Getting the same issue - here's the exact error message for others' reference:
python preprocess.py --train data/chembl/all.txt --vocab data/chembl/vocab.txt --ncpu 16 --mode single
multiprocessing.pool.RemoteTraceback:
"""
Traceback (most recent call last):
File "/home/marcase/.conda/envs/conda-test/lib/python3.10/multiprocessing/pool.py", line 125, in worker
result = (True, func(*args, **kwds))
File "/home/marcase/.conda/envs/conda-test/lib/python3.10/multiprocessing/pool.py", line 48, in mapstar
return list(map(*args))
File "/home/marcase/hgraph2graph/preprocess.py", line 19, in tensorize
x = MolGraph.tensorize(mol_batch, vocab, common_atom_vocab)

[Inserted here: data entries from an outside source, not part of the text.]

(* Let $k\ge 1$, $N\ge 3$ and $a\ge 2$ be integers, and let $v=v_2$. (i) $$\frac{(k2^N+2a-3)!!}{(k2^N+1)!!}\equiv\begin{cases}(2a-3)!! \pmod{2^{N+1+\min\{v(a),\,N-1\}}}, & \text{if } 2\mid a,\\ (2a-3)!!+k2^N \pmod{2^{N+1}}, & \text{if } 2\nmid a.\end{cases}$$ (ii) $$(k2^N+2a-3)!!\equiv\begin{cases}(2a-3)!! \pmod{2^{N+1}}, & \text{if } 2\mid a,\\ (2a-3)!!+k2^N \pmod{2^{N+1}}, & \text{if } 2\nmid a.\end{cases}$$ (iii) If $k$ is odd, then $$(k2^N-3)!!\equiv\begin{cases}-1+(-1)^{\frac{k-1}{2}}2^{N+1}\pmod{2^{N+3}}, & \text{if } N=3,\\ -1+(-1)^{\frac{k+1}{2}}2^{N+1}\pmod{2^{N+3}}, & \text{if } N\ge 4.\end{cases}$$ In particular $(k2^N-3)!!\equiv -1+2^{N+1}\pmod{2^{N+2}}$.
   Context: For a positive odd integer $b$, $b!!=b(b-2)\cdots3\cdot1$. $v_2$ denotes the $2$-adic valuation. *)

From mathcomp Require Import all_boot all_order all_algebra.
Set Implicit Arguments. Unset Strict Implicit. Unset Printing Implicit Defensive.

Fixpoint dfact (n : nat) : nat :=
  match n with
  | 0 => 1
  | 1 => 1
  | (m.+2) as n' => n' * dfact m
  end.

(* Write M = k 2^N.  Two factors whose offsets sum to s multiply as
   (M + x)(M + y) = xy + M(M + s); pairing the factors of (M+3)(M+5)...(M+2a-3)
   from both ends therefore gives (2a-3)!! modulo anything dividing M(M + 2a)
   when a is even, while modulo 2M a product of n shifted odd factors is the
   unshifted product plus nM.  The same pairing splits (kB - 1)!! into k blocks
   congruent to (B-1)!! modulo 2B^2, so (M - 1)!! is congruent to T^k with
   T = (2^N - 1)!!, and squaring from 15!! upwards gives T = 1 + 2^N modulo
   2^(N+3) for N >= 4.  Hence (M + 1)!! = 1 modulo 2^(N+1), which turns (i) into
   (ii), and solving (M - 1)(M - 3)!! = 1 + k(T - 1) for (M - 3)!! gives (iii). *)

From mathcomp Require Import all_boot all_order all_algebra.
From mathcomp Require Import zify ring.
Import GRing.Theory Num.Theory.

Set Implicit Arguments.
Unset Strict Implicit.
Unset Printing Implicit Defensive.

Lemma odd_halfE n : odd n -> n = 2 * n./2 + 1.
Proof. by move=> odd_n; rewrite -{1}[n]odd_double_half odd_n -mul2n addnC. Qed.

Lemma even_halfE n : ~~ odd n -> n = 2 * n./2.
Proof. by move=> even_n; rewrite -{1}[n]odd_double_half (negbTE even_n) -mul2n. Qed.

Lemma eq_modn_dvdW d m x y : d %| m -> x = y %[mod m] -> x = y %[mod d].
Proof. by move=> dvd_dm exy; rewrite -(modn_dvdm x dvd_dm) exy modn_dvdm. Qed.

Lemma eq_modnM d x y x' y' : x = y %[mod d] -> x' = y' %[mod d] ->
  x * x' = y * y' %[mod d].
Proof. by move=> exy exy'; rewrite -modnMm exy exy' modnMm. Qed.

Lemma modnDr_dvd d x y : d %| y -> x + y = x %[mod d].
Proof. by move=> /dvdnP [q ->]; rewrite addnC modnMDl. Qed.

Lemma muln_mod_double n M : n * M = odd n * M %[mod 2 * M].
Proof.
rewrite -{1}[n]odd_double_half -mul2n mulnDl mulnAC.
by apply: modnDr_dvd; apply: dvdn_mulr.
Qed.

Lemma sqrn_mod_double d x y : ~~ odd d -> x = y %[mod d] -> x ^ 2 = y ^ 2 %[mod 2 * d].
Proof.
move=> even_d exy.
have sqr_mod q r : (q * d + r) ^ 2 = r ^ 2 %[mod 2 * d].
  rewrite (even_halfE even_d); move: d./2 => h.
  have -> : (q * (2 * h) + r) ^ 2 = (q * r + q ^ 2 * h) * (2 * (2 * h)) + r ^ 2 by ring.
  exact: modnMDl.
by rewrite (divn_eq x d) (divn_eq y d) !sqr_mod exy.
Qed.

Lemma expn_add1_mod u k : (1 + u) ^ k = 1 + k * u %[mod u ^ 2].
Proof.
elim: k => [|k IH]; first by rewrite mul0n addn0.
rewrite expnS -modnMmr IH modnMmr.
have -> : (1 + u) * (1 + k * u) = k * u ^ 2 + (1 + k.+1 * u) by ring.
exact: modnMDl.
Qed.

Definition progprod (b n : nat) : nat := \prod_(i < n) (b + 2 * i).

Lemma progprod0 b : progprod b 0 = 1.
Proof. exact: big_ord0. Qed.

Lemma progprodSr b n : progprod b n.+1 = progprod b n * (b + 2 * n).
Proof. by rewrite /progprod big_ord_recr. Qed.

Lemma progprodSl b n : progprod b n.+1 = b * progprod (b + 2) n.
Proof.
rewrite /progprod big_ord_recl muln0 addn0; congr (_ * _).
by apply: eq_bigr => i _; rewrite /= mulnS addnA.
Qed.

Lemma progprodD b m n : progprod b (m + n) = progprod b m * progprod (b + 2 * m) n.
Proof.
rewrite /progprod big_split_ord; congr (_ * _).
by apply: eq_bigr => i _; rewrite /= mulnDr addnA.
Qed.

Lemma odd_progprod b n : odd b -> odd (progprod b n).
Proof.
move=> odd_b; elim: n => [|n IH]; first by rewrite progprod0.
by rewrite progprodSr oddM IH oddD odd_b oddM.
Qed.

Lemma dfactD b n : dfact (b + 2 * n) = dfact b * progprod (b + 2) n.
Proof.
elim: n => [|n IH]; first by rewrite muln0 addn0 progprod0 muln1.
have -> : b + 2 * n.+1 = (b + 2 * n).+2 by lia.
by rewrite [LHS]/= IH progprodSr; ring.
Qed.

Lemma dfact_double_pred n : dfact (2 * n - 1) = progprod 1 n.
Proof.
case: n => [|n]; first by rewrite progprod0.
by rewrite progprodSl (_ : 2 * n.+1 - 1 = 1 + 2 * n) ?dfactD //; lia.
Qed.

Lemma dfact_gt0 n : 0 < dfact n.
Proof.
elim: n {-2}n (leqnn n) => [|m IH] [|[|n]] //= le_nm.
by rewrite muln_gt0 IH //; lia.
Qed.

Lemma progprod_pair_mod m M b p : m %| M * (M + 2 * b + 4 * p - 2) ->
  progprod (M + b) (2 * p) = progprod b (2 * p) %[mod m].
Proof.
elim: p b => [|p IH] b dvd_m; first by rewrite muln0 !progprod0.
have [q Mq] := dvdnP dvd_m.
have pairE c : progprod c (2 * p.+1) = c * (c + 2 * (2 * p).+1) * progprod (c + 2) (2 * p).
  rewrite (_ : 2 * p.+1 = (2 * p).+2); last by lia.
  by rewrite progprodSr progprodSl mulnAC.
have outer : (M + b) * (M + b + 2 * (2 * p).+1) = q * m + b * (b + 2 * (2 * p).+1).
  rewrite -Mq (_ : M + 2 * b + 4 * p.+1 - 2 = M + 2 * b + 4 * p + 2); last by lia.
  ring.
rewrite !pairE outer -addnA; apply: eq_modnM; first by rewrite modnMDl.
apply: IH; rewrite (_ : M + 2 * (b + 2) + 4 * p - 2 = M + 2 * b + 4 * p.+1 - 2) //; lia.
Qed.

Lemma progprod_shift_mod M b n : ~~ odd M -> odd b ->
  progprod (M + b) n = progprod b n + n * M %[mod 2 * M].
Proof.
move=> even_M odd_b; elim: n => [|n IH]; first by rewrite !progprod0.
rewrite !progprodSr -addnA -modnMml IH modnMml.
have odd_c : odd (b + 2 * n) by rewrite oddD oddM odd_b.
move: (progprod b n) (odd_progprod n odd_b) (b + 2 * n) odd_c.
move=> P /odd_halfE -> c /odd_halfE ->; move: P./2 c./2 => p r.
rewrite (even_halfE even_M); move: M./2 => h.
have -> : (2 * p + 1 + n * (2 * h)) * (2 * h + (2 * r + 1)) =
    (p + n * h + n * r) * (2 * (2 * h)) + ((2 * p + 1) * (2 * r + 1) + n.+1 * (2 * h)).
  ring.
by rewrite modnMDl.
Qed.

Lemma dfact_block_mod p k :
  dfact (k * (4 * p) - 1) = dfact (4 * p - 1) ^ k %[mod 2 * (4 * p) ^ 2].
Proof.
have double j : j * (4 * p) = 2 * (j * (2 * p)) by ring.
rewrite double -{2}[4 * p]mul1n double !dfact_double_pred mul1n.
elim: k => [|k IH]; first by rewrite progprod0.
rewrite mulSnr progprodD [_ ^ k.+1]expnSr; apply: eq_modnM => //.
rewrite -double addnC; apply: progprod_pair_mod.
rewrite (_ : k * (4 * p) + 2 * 1 + 4 * p - 2 = k.+1 * (4 * p)); last by lia.
have -> : k * (4 * p) * (k.+1 * (4 * p)) = k * k.+1 * (4 * p) ^ 2 by ring.
apply: dvdn_mul => //.
by rewrite dvdn2 oddM /= andbN.
Qed.
(** In a transitive antisymmetric target, a closed [qarc]-walk along which
    [qiota xi] returns to its starting value is constant, since [qiota xi] is
    strict on the quotient. *)
Lemma qarc_walk_closed (A : qvert xi) p :
  path (@qarc G R xi) A p -> qiota xi (last A p) = qiota xi A -> last A p = A.
Proof.
have /strictP[/homP qhom qsep] := qiota_strict hom_xi.
elim: p A => [|B p IH] A //= /andP[AB pB] back.
have eAB : qiota xi B = qiota xi A.
  case: p pB back {IH} => [_ -> // | C p /= /andP[BC pC] back].
  apply: antiR; rewrite [X in _ && X]qhom // andbT -[X in arc _ X]back.
  exact: path_arc trR qhom _ _ _ BC pC.
have -> : A = B.
  by apply/eqP; apply: contraT => /qsep /(_ AB); rewrite eAB eqxx.
exact: IH pB (etrans back (esym eAB)).
Qed.

Lemma qiota_tquot_strict : @is_strict (tquot xi) R (qiota xi).
Proof.
have /strictP[/homP qhom _] := qiota_strict hom_xi.
apply/strictP; split.
  apply/homP => A B /existsP[C /andP[AC /connectP[p pC ->]]].
  exact: path_arc trR qhom _ _ _ AC pC.
move=> A B ne /existsP[C /andP[AC /connectP[p pC eB]]]; apply: contra ne => /eqP e.
have walk : path (@qarc G R xi) A (C :: p) by rewrite /= AC.
by rewrite eB -[last C p]/(last A (C :: p)) (qarc_walk_closed walk) //= -eB e.
Qed.

End TransitiveHull.

Lemma poset_trans_anti (R : digraph) :
  in_P R \/ in_Pstar R -> transitive (@arc R) /\ antisymmetric (@arc R).
Proof.
case=> [[_ [anti tr]] | [P [[_ [anti tr]] ->]]]; first by [].
split=> [b a c /andP[ab le_ab] /andP[bc le_bc] | a b /andP[/andP[_ le_ab] /andP[_ le_ba]]].
  rewrite /= (tr _ _ _ le_ab le_bc) andbT; apply: contra ab => /eqP eac.
  by apply/eqP/anti; rewrite le_ab eac.
by apply: anti; rewrite le_ab.
Qed.

(** Necessity: a strong Gamma-scheme provides, for every [g] in [D'], an
    injection of strict maps [f |-> rho (f \o psi) \o phi], where
    [phi : g -> H] is an isomorphism onto a representative with inverse [psi]. *)
Lemma Gamma_below_strict_inj (D' Dr : digraph -> Prop) (R S : digraph) :
  rep_system D' Dr -> Gamma_below Dr R S -> forall g, D' g ->
  exists sigma : {ffun vert g -> vert R} -> {ffun vert g -> vert S}, strict_inj sigma.
Proof.
case=> _ [rep _] [rho scheme] g Dg.
have [H [DrH [phi [[psi phiK psiK] arc_phi]]]] := rep g Dg.
have [rho_hom [rho_inj rho_Gam]] := scheme H DrH.
have arc_psi a b : arc a b -> arc (psi a) (psi b) by rewrite -arc_phi !psiK.
have arc_phi' a b : arc a b -> arc (phi a) (phi b) by rewrite arc_phi.
pose pull (f : {ffun vert g -> vert R}) : {ffun vert H -> vert R} := [ffun h => f (psi h)].
have pull_strict f : is_strict f -> is_strict (pull f).
  exact: strict_comp (can_inj psiK) arc_psi.
have rho_strict f : is_strict f -> is_strict (rho H (pull f)).
  move=> /pull_strict sf; have /strictP[hf _] := sf.
  exact: strict_Gam (rho_hom _ hf) sf (rho_Gam _ hf).
exists (fun f => [ffun v => rho H (pull f) (phi v)]); split.
  by move=> f /rho_strict; apply: strict_comp (can_inj phiK) arc_phi'.
move=> f1 f2 /pull_strict/strictP[h1 _] /pull_strict/strictP[h2 _] e.
have e_rho : rho H (pull f1) = rho H (pull f2).
  by apply/ffunP => h; move/ffunP: e => /(_ (psi h)); rewrite !ffunE psiK.
have /ffunP e_pull : pull f1 = pull f2 by apply: rho_inj.
by apply/ffunP => v; have := e_pull (phi v); rewrite !ffunE phiK.
Qed.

File "/home/marcase/hgraph2graph/hgraph/mol_graph.py", line 153, in tensorize
tree_tensors, tree_batchG = MolGraph.tensorize_graph([x.mol_tree for x in mol_batch], vocab)
File "/home/marcase/hgraph2graph/hgraph/mol_graph.py", line 194, in tensorize_graph
fnode[v] = vocab[attr]
File "/home/marcase/hgraph2graph/hgraph/vocab.py", line 43, in __getitem__
return self.hmap[x[0]], self.vmap[x]
KeyError: 'C1=NN=CN1'
"""
The above exception was the direct cause of the following exception:
Traceback (most recent call last):
File "/home/marcase/hgraph2graph/preprocess.py", line 106, in <module>
all_data = pool.map(func, batches)
File "/home/marcase/.conda/envs/conda-test/lib/python3.10/multiprocessing/pool.py", line 364, in map
return self._map_async(func, iterable, mapstar, chunksize).get()
File "/home/marcase/.conda/envs/conda-test/lib/python3.10/multiprocessing/pool.py", line 771, in get
raise self._value
KeyError: 'C1=NN=CN1'
Found a super easy solution to this problem - just generate a fresh vocab from the dataset rather than using the one provided. I think an rdkit update changed a couple of the ways the smiles strings are generated, particularly from the aromatic groups (this was mentioned in another issue thread).